Tutto questo lo vediamo meglio nel secondo filone, quando i due amanti praticano il loro amore riproducendo elementi del Giardino e del Trittico in genere. Pensiamo ad esempio alla valigia, in cui Claudine e Chris si rinchiudono per raffigurare l’immagine della conchiglia da cui fuoriescono le gambe di due persone, o quando Chris cerca di mantenere in equilibrio sul suo capo l’uovo quale simbolo dell’armonia del tutto, oppure la sequenza della fontana, fino alla luna in nylon in cui si consuma il piacere, senza dimenticare il pentagramma che Claudine dipinge sulle natiche di Chris, e altri esempi come il rospo e i gusti del palato.
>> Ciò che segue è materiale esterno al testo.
Lemma extend_cover (K : G -> Prop) U : unif_bdd_cover G K U ->
  unif_bdd_cover G (fun _ => True)
    (fun V => U V \/ exists x, ~ K x /\ V = (fun y => y = x)).
Proof.
  intros [ucov [_ [B [[bB _] uref]]]]. split; [|split].
  - intros x _. destruct (classic (K x)) as [Kx|nKx].
    + destruct (ucov x Kx) as [V [UV Vx]]. exists V. split; [left; exact UV|exact Vx].
    + exists (fun y => y = x). split; [right; exists x; auto|reflexivity].
  - intros V _ x _. exact I.
  - exists (fun x => B x \/ x = one G). split.
    + split; [apply bounded_union; [exact bB|apply bounded_single]|intros ? ?; exact I].
    + intros V [UV|[x [_ ->]]].
      * destruct (uref V UV) as [h [_ sV]]. exists h. split; [exact I|].
        intros y Vy. destruct (sV y Vy) as [b [Bb ->]]. exists b; auto.
      * exists x. split; [exact I|]. intros y ->. exists (one G).
        split; [right; reflexivity|symmetry; apply mulg1].
Qed.

End Bornology.

Section CoarselyClopen.
Context {G : LSGroup} (H : G -> Prop).

Lemma star_mono (A B : G -> Prop) U :
  subset G A B -> subset G (star G A U) (star G B U).
Proof.
  intros sAB x [V [UV [Vx [a [Aa Va]]]]]. exists V. repeat split; auto.
  exists a. auto.
Qed.

Lemma cc_complement (A : G -> Prop) :
  coarsely_clopen G H A -> coarsely_clopen G H (fun y => H y /\ ~ A y).
Proof.
  intros [sA cA]. split; [intros x [Hx _]; exact Hx|].
  intros U hU. apply (bddH_sub (cA U hU)). intros x [s1 s2]. split; [|exact s1].
  apply (star_mono (A := fun y => H y /\ ~ (H y /\ ~ A y))); [|exact s2].
  intros y [Hy nA]. apply NNPP. intro nAy. apply nA. auto.
Qed.

(** Coarsely clopen sets are closed under intersection: the common boundary
    of [X ∩ Y] lies in the union of the boundaries of [X] and [Y]. *)
Lemma cc_inter (X Y : G -> Prop) :
  coarsely_clopen G H X -> coarsely_clopen G H Y ->
  coarsely_clopen G H (fun x => X x /\ Y x).
Proof.
  intros [sX cX] [sY cY]. split; [intros x [Xx _]; auto|].
  intros U hU. apply (bddH_sub (bddH_union (cX U hU) (cY U hU))).
  intros x [[V1 [U1 [V1x [a [[Xa Ya] V1a]]]]] [V2 [U2 [V2x [b [[Hb nb] V2b]]]]]].
  destruct (classic (X b)) as [Xb|nXb]; [right|left]; split.
  - exists V1. repeat split; auto. exists a; auto.
  - exists V2. repeat split; auto. exists b. split; auto.
  - exists V1. repeat split; auto. exists a; auto.
  - exists V2. repeat split; auto. exists b. split; auto.
Qed.

Lemma cc_whole : coarsely_clopen G H H.
Proof.
  split; [intros x h; exact h|]. intros U _.
  apply (bddH_sub (bddH_empty H)).
  intros x [_ [V [_ [_ [a [[Ha nHa] _]]]]]]. auto.
Qed.

End CoarselyClopen.

Section Ends.
Context {G : LSGroup} (H : G -> Prop).

Lemma ends_family_sub (F F' : (G -> Prop) -> Prop) :
  ends_family G H F -> (forall Y, F' Y -> F Y) -> ends_family G H F'.
Proof. intros [hcc hint] s. split; auto. Qed.

Lemma inter_list_repeat (X : G -> Prop) l :
  subset G X H -> (forall A, In A l -> A = X) -> subset G X (inter_list G H l).
Proof.
  intros sX hl x Xx. split; auto. intros A HA. rewrite (hl A HA). exact Xx.
Qed.

Lemma inter_list_reduce (X : G -> Prop) (E : (G -> Prop) -> Prop) l :
  (forall A, In A l -> E A \/ A = X) ->
  exists l', (forall A, In A l' -> E A) /\
    subset G (inter_list G H (X :: l')) (inter_list G H l).
Proof.
  induction l as [|Y l IH]; intros hl.
  - exists []. split; [intros A []|]. intros x [Hx _]. split; [exact Hx|intros A []].
  - destruct IH as [l' [hl' sub]]; [intros A HA; apply hl; simpl; auto|].
    destruct (hl Y (or_introl eq_refl)) as [EY| ->].
    + exists (Y :: l'). split; [intros A [<-|HA]; auto|].
      intros x [Hx hx].
      assert (hx' : inter_list G H (X :: l') x).
      { split; [exact Hx|]. intros A [<-|HA]; apply hx; simpl; auto. }
      split; [exact Hx|]. intros A [<-|HA].
      * apply hx; simpl; auto.
      * exact (proj2 (sub x hx') A HA).
    + exists l'. split; [exact hl'|]. intros x hx. destruct (sub x hx) as [Hx hx'].
      split; [exact Hx|]. intros A [<-|HA]; [apply (proj2 hx); simpl; auto|exact (hx' A HA)].
Qed.

Lemma end_extend (X : G -> Prop) E :
  is_end G H E -> coarsely_clopen G H X ->
  (forall l, (forall A, In A l -> E A) -> ~ bddH G H (inter_list G H (X :: l))) ->
  E X.
Proof.
  intros [[Ecc Eint] Emax] cX hX.
  apply (Emax (fun Y => E Y \/ Y = X)); [|auto|auto]. split.
  - intros A [EA| ->]; [auto|]. split; [exact cX|]. intro bX.
    apply (hX [] (fun A h => match h with end)).
    apply (bddH_sub bX). intros x [_ hx]. apply hx. simpl; auto.
  - intros l hl bl. destruct (inter_list_reduce E l hl) as [l' [hl' sub]].
    exact (hX l' hl' (bddH_sub bl sub)).
Qed.

Lemma end_complement {A : G -> Prop} {E} :
  is_end G H E -> coarsely_clopen G H A -> E A \/ E (fun y => H y /\ ~ A y).
Proof.
  intros hE cA. destruct (classic (E A)) as [EA|nEA]; [left; exact EA|right].
  apply (end_extend hE (cc_complement cA)). intros l hl bl.
  apply nEA. apply (end_extend hE cA). intros l2 hl2 bl2.
  destruct hE as [[_ Eint] _]. apply (Eint (l ++ l2)).
  - intros B HB. apply in_app_or in HB. destruct HB; auto.
  - apply (bddH_sub (bddH_union bl bl2)).
    intros x [Hx hx]. destruct (classic (A x)) as [Ax|nAx]; [right|left];
      (split; [exact Hx|]); intros B [<-|HB]; auto; apply hx, in_or_app; auto.
Qed.

Lemma end_inter {X Y : G -> Prop} {E} :
  is_end G H E -> E X -> E Y -> E (fun x => X x /\ Y x).
Proof.
  intros hE EX EY. pose proof hE as [[Ecc Eint] _].
  apply (end_extend hE); [apply cc_inter; apply Ecc; assumption|].
  intros l hl bl. apply (Eint (X :: Y :: l)); [intros B [<-|[<-|HB]]; auto|].
  apply (bddH_sub bl). intros x [Hx hx]. split; [exact Hx|].
  intros B [<-|HB]; [split; apply hx; simpl; auto|apply hx; simpl; auto].
Qed.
Che dire allora di questi due innamorati, che riproducono il Giardino delle delizie, con l’intenzione di affermare la vita al di là della sofferenza inaggirabile, rinnegando il peccato, il pentimento, la trascendenza, immortalando tutto in una telecamera, anche se sanno benissimo che prima o poi Claudine se ne andrà per sempre, segnata da quel male incurabile, che guarda caso è il cancro alla gola, se per gola intendiamo l’organo del desiderio, della golosità, della vita insaziabile...? Come ho ribadito, quest’opera va rivista alla luce delle due successive, perché soltanto così possiamo capire che il Giardino delle delizie è il manifesto esistenziale della coscienza offesa, che rinnegando le false teodicee, cerca nella finitezza del reale, quell’eternità che soltanto l’estetica, seppure nella sua idealità, può riprodurre. Ma allora l’estetica, l’arte, il quadro stesso diventano un tramite di conciliazione tra i mortali e il divino, e soltanto così si potrà entrare in quel quadro vivente che è I colori della passione, per contemplare con religioso disincanto il calvario di un’umanità macerata nel corpo di Cristo. Una volta diventati corpo di quel corpo, riusciremo dal quadro, e forse ricorderemo il Giardino delle delizie come un semplice inizio, umanissimo, verso un divino che si nasconde e soltanto nell’Onirico trapela, per restituirci alla possibilità di incontrare l’esistenza risorgere a se stessa nell’angoscia di Adam-Kierkegaard.